200 mA through both 300B's plus the driver tube and bias components will be pulling nearly half an amp through your 5AR4 and power transformer. This should make them very hot and unhappy which has not been mentioned here, so the actual tube current really needs to be verified before any good conclusions can be drawn.
We need the voltage reading across R18 and R29 which is in the plate circuit of each 300B tube. The voltage should be about 0.7 volts which corresponds to 70 mA of tube current. It should vary when the bias pots (R12 and R23) are turned. The voltage on the grid of the 300B's must change when this pot is turned in order for the current to change.
Voltage over R18 and R29 is 0,8 volts (80mA). I have no problems adjusting the Bias.
But my rectifier tube just died, so i have to replace it, so I'm waiting for a new one. I also replace C4, C5, C7 and C8 from 400V to 500V just to be safe.
I will write again when I have replaced the parts.
Hi Tubelab
I have installed a new rectifier tube, i also replace C4, C5, C7 and C8.

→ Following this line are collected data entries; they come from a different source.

Lemma ldist_covering z : exists2 c, c = lower_hole \/ c = upper_hole &
  exists2 f, int_point f & ldist z ^+ 2 + qform (z - f - c) <= qform lower_hole.
Proof.
have [e1 e2] := lower_hole_circumcenter.
have int10 : int_point (1, 0) by rewrite int_point01 // !inE eqxx ?orbT.
have int01 : int_point (0, 1) by rewrite int_point01 // !inE eqxx ?orbT.
have int11 : int_point (1, 1) by rewrite int_point01 // !inE eqxx ?orbT.
pose f : R * R := ((Num.floor z.1)%:~R, (Num.floor z.2)%:~R).
have hf : int_point f by rewrite /int_point !intr_int.
have frac_bd (a : R) : 0 <= a - (Num.floor a)%:~R < 1.
  by have := floorD1_gt a; have := floor_le a; rewrite intrD => ? ?; apply/andP; split; lra.
have /andP[x0 x1] := frac_bd z.1; have /andP[y0 y1] := frac_bd z.2.
case: (lerP (z.1 - f.1 + (z.2 - f.2)) 1) => [low | up].
  exists lower_hole; [by left | exists f => //].
  have := @ldist_sqr_circumcenter f (f + (1, 0)) (f + (0, 1)) (f + lower_hole)
    (z.1 - f.1) (z.2 - f.2) z hf (int_pointD hf int10) (int_pointD hf int01).
  have -> : z - (f + lower_hole) = z - f - lower_hole by ring.
  have -> : f + lower_hole - f = lower_hole by ring.
  apply.
  - by have -> : f + lower_hole - (f + (1, 0)) = lower_hole - (1, 0) by ring.
  - by have -> : f + lower_hole - (f + (0, 1)) = lower_hole - (0, 1) by ring.
  - exact: x0.
  - exact: y0.
  - exact: low.
  - by rewrite !scale_pairE; apply: injective_projections => /=; ring.
exists upper_hole; [by right | exists f => //].
have := @ldist_sqr_circumcenter (f + (1, 1)) (f + (0, 1)) (f + (1, 0)) (f + upper_hole)
  (1 - (z.1 - f.1)) (1 - (z.2 - f.2)) z (int_pointD hf int11) (int_pointD hf int01)
  (int_pointD hf int10).
have -> : z - (f + upper_hole) = z - f - upper_hole by ring.
have -> : f + upper_hole - (f + (1, 1)) = - lower_hole by rewrite /upper_hole; ring.
rewrite qformN; apply.
- have -> : f + upper_hole - (f + (0, 1)) = - (lower_hole - (1, 0)).
    by apply: injective_projections => /=; ring.
  by rewrite qformN.
- have -> : f + upper_hole - (f + (1, 0)) = - (lower_hole - (0, 1)).
    by apply: injective_projections => /=; ring.
  by rewrite qformN.
- by rewrite subr_ge0 ltW.
- by rewrite subr_ge0 ltW.
- lra.
- by rewrite !scale_pairE; apply: injective_projections => /=; ring.
Qed.

Lemma ldist_le_covering z : ldist z <= qnorm lower_hole.
Proof.
have [c _ [f _ le_z]] := ldist_covering z.
rewrite -ler_sqr ?nnegrE ?ldist_ge0 ?qnorm_ge0 // qnorm_sqr.
by have := qform_ge0 (z - f - c); lra.
Qed.

Lemma ldist_eq_covering z : ldist z = qnorm lower_hole ->
  int_point (z - lower_hole) \/ int_point (z - upper_hole).
Proof.
move=> dz; have [c hc [f hf]] := ldist_covering z.
rewrite dz qnorm_sqr gerDl => le0.
have /qform_eq0 zfc : qform (z - f - c) = 0 by apply/le_anti; rewrite le0 qform_ge0.
have zc : z - c = f by rewrite -[z - c]subr0 -zfc; ring.
by case: hc zc => -> zc; [left | right]; rewrite zc.
Qed.

(* For A = a^2, B = b^2 and C = a b cos alpha this is 2 b cos alpha <= a <= b
   with alpha <= pi / 2. *)
Definition reduced := [/\ 0 <= C, 2 * C <= A & A <= B].

Section ReducedForm.
Hypothesis red : reduced.

Lemma hole_excess_gt0 [l] : int_point l -> l.1 * l.2 < 0 -> 0 < hole_excess l.
Proof.
case: red => _ C2_le_A A_le_B; case/andP=> l1 l2 neg; have := A_gt0.
have P0 := int_mul_pred_ge0 l1; have Q0 := int_mul_pred_ge0 l2.
have S0 := int_mul_pred_ge0 (rpredD l1 l2).
have BQ : A * (l.2 * (l.2 - 1)) <= B * (l.2 * (l.2 - 1)) by rewrite ler_wpM2r.
have Cxy : A * (l.1 * l.2) <= 2 * C * (l.1 * l.2) by rewrite ler_nM2r.
have : 0 < A * ((l.1 + l.2) * (l.1 + l.2 - 1) - l.1 * l.2).
  by rewrite mulr_gt0 // subr_gt0 (lt_le_trans neg).
have -> : A * ((l.1 + l.2) * (l.1 + l.2 - 1) - l.1 * l.2) =
  A * (l.1 * (l.1 - 1)) + A * (l.2 * (l.2 - 1)) + A * (l.1 * l.2) by ring.
rewrite /hole_excess; lra.
Qed.

Lemma hole_excess_ge0 l : int_point l -> 0 <= hole_excess l.
Proof.
move=> hl; case: (ltrP (l.1 * l.2) 0) => [neg | pos]; first exact/ltW/hole_excess_gt0.
case: red => C_ge0 _ _; case/andP: hl => l1 l2; rewrite /hole_excess.
have := mulr_ge0 (ltW A_gt0) (int_mul_pred_ge0 l1).
have := mulr_ge0 (ltW B_gt0) (int_mul_pred_ge0 l2).
have := mulr_ge0 C_ge0 pos; lra.
Qed.

Lemma hole_excess_eq0 [l] : int_point l -> hole_excess l = 0 ->
  l = (0, 0) \/ l = (1, 0) \/ l = (0, 1) \/ (C = 0 /\ l = (1, 1)).
Proof.
move=> hl e0; case: (ltrP (l.1 * l.2) 0) => [neg | pos].
  by have := hole_excess_gt0 hl neg; rewrite e0 ltxx.
case: red => C_ge0 _ _; case/andP: hl e0 => l1 l2; rewrite /hole_excess => e0.
have := A_gt0; have := B_gt0; have P0 := int_mul_pred_ge0 l1; have Q0 := int_mul_pred_ge0 l2.
have CS0 := mulr_ge0 C_ge0 pos.
have AP0 := mulr_ge0 (ltW A_gt0) P0; have BQ0 := mulr_ge0 (ltW B_gt0) Q0.
have [AP BQ CS] : [/\ A * (l.1 * (l.1 - 1)) = 0, B * (l.2 * (l.2 - 1)) = 0 & C * (l.1 * l.2) = 0].
  by split; lra.
move/eqP: AP; rewrite mulf_eq0 (gt_eqF A_gt0) => /eqP/int01_cases x01.
move/eqP: BQ; rewrite mulf_eq0 (gt_eqF B_gt0) => /eqP/int01_cases y01.
case: l {l1 l2 pos e0 P0 Q0 CS0 AP0 BQ0} x01 y01 CS => x y /= [] -> [] ->.
- by left.
- by right; right; left.
- by right; left.
- by rewrite !mulr1 => C0 _ _; right; right; right.
Qed.

Lemma ldist_lower_hole : ldist lower_hole = qnorm lower_hole.
Proof.
rewrite -[in RHS](subr0 lower_hole); apply: ldist_min => [|l hl]; first exact: int_point0.
by apply: qnorm_le; rewrite subr0 lower_hole_sub lerDl hole_excess_ge0.
Qed.

Lemma ldist_upper_hole : ldist upper_hole = qnorm lower_hole.
Proof.
rewrite /upper_hole ldistB ldistBr ?ldist_lower_hole //.
by rewrite int_point01 // !inE eqxx ?orbT.
Qed.

Definition hole_vertices : seq (R * R) :=
  [:: (0, 0); (1, 0); (0, 1)] ++ (if C == 0 then [:: (1, 1)] else [::]).

Lemma hole_vertices_uniq : uniq hole_vertices.
Proof.
have n01 : (0 == 1 :> R) = false by rewrite eq_sym oner_eq0.
by rewrite /hole_vertices; case: eqP => _ /=; rewrite !inE !xpair_eqE n01 ?andbF.
Qed.

Lemma hole_verticesP l :
  l \in hole_vertices <-> int_point l /\ qnorm (lower_hole - l) = qnorm lower_hole.
Proof.
have vertex (x y : R) : x \in [:: 0; 1] -> y \in [:: 0; 1] -> C * (x * y) = 0 ->
    int_point (x, y) /\ hole_excess (x, y) = 0.
  move=> hx hy Cxy; split; first exact: int_point01.
  have bit (u : R) : u \in [:: 0; 1] -> u * (u - 1) = 0.
    by rewrite !inE => /orP[] /eqP ->; ring.
  by rewrite /hole_excess /= (bit x) ?(bit y) // -mulrA Cxy; ring.
have excess0 l' : qform lower_hole + hole_excess l' = qform lower_hole + 0 <->
    hole_excess l' = 0 by split=> [/addrI | ->].
rewrite qnorm_eqE lower_hole_sub -[RHS in _ = RHS]addr0 excess0.
split=> [|[hl /(hole_excess_eq0 hl)]].
  rewrite mem_cat !inE -!orbA => /or4P[/eqP -> | /eqP -> | /eqP -> |];
    try by apply: vertex; rewrite ?inE ?eqxx ?orbT ?mul0r ?mulr0.
  case: (C =P 0) => // C0; rewrite inE => /eqP ->.
  by apply: vertex; rewrite ?inE ?eqxx ?orbT // C0 mul0r.
move=> [-> | [-> | [-> | [C0 ->]]]]; rewrite mem_cat !inE ?eqxx ?orbT //.
by rewrite C0 eqxx inE eqxx orbT.
Qed.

New checkout measurements:
Voltage reading across R18 = 81 mV
Voltage reading across R29 81 mV
Filament voltages = 4,938V
Grid 300B Tube 1 = -96,0V
Grid 300B Tube 2 = -96,8V
B- = 277V
B+ = 403V
I think I figured out why the output looks weird. When the signal measured on the grid of 300B is higher than about 12V peak to peak, the bias current starts to rise. see attached photos.
When the signal measured on the grid of 300B is below 12V peak to peak, the bias current is = 81mA
When the signal measured on the grid of 300B is 40V peak to peak, the bias current is = 120mA
My Output Transformers are lundahl ll1623 = 90mA
Red is signal measured on grid of 300B.
Blue is measured at the output of the output transfomer across an 8 ohm resistor.
At the input I use a signal generator which is set to 1KHz sine 1V
Help!!
When the signal measured on the grid of 300B is below 12V peak to peak, the bias current is = 81mA
When the signal measured on the grid of 300B is 40V peak to peak, the bias current is = 120mA
My Output Transformers are lundahl ll1623 = 90mA
Red is signal measured on grid of 300B.
Blue is measured at the output of the output transfomer across an 8 ohm resistor.
At the input I use a signal generator which is set to 1KHz sine 1V
Help!!
If you have 81 mV across a 10 ohm resistor your current is 8.1 mA which would give the results you are seeing. You need about 800 mv across that resistor to get 80 mA.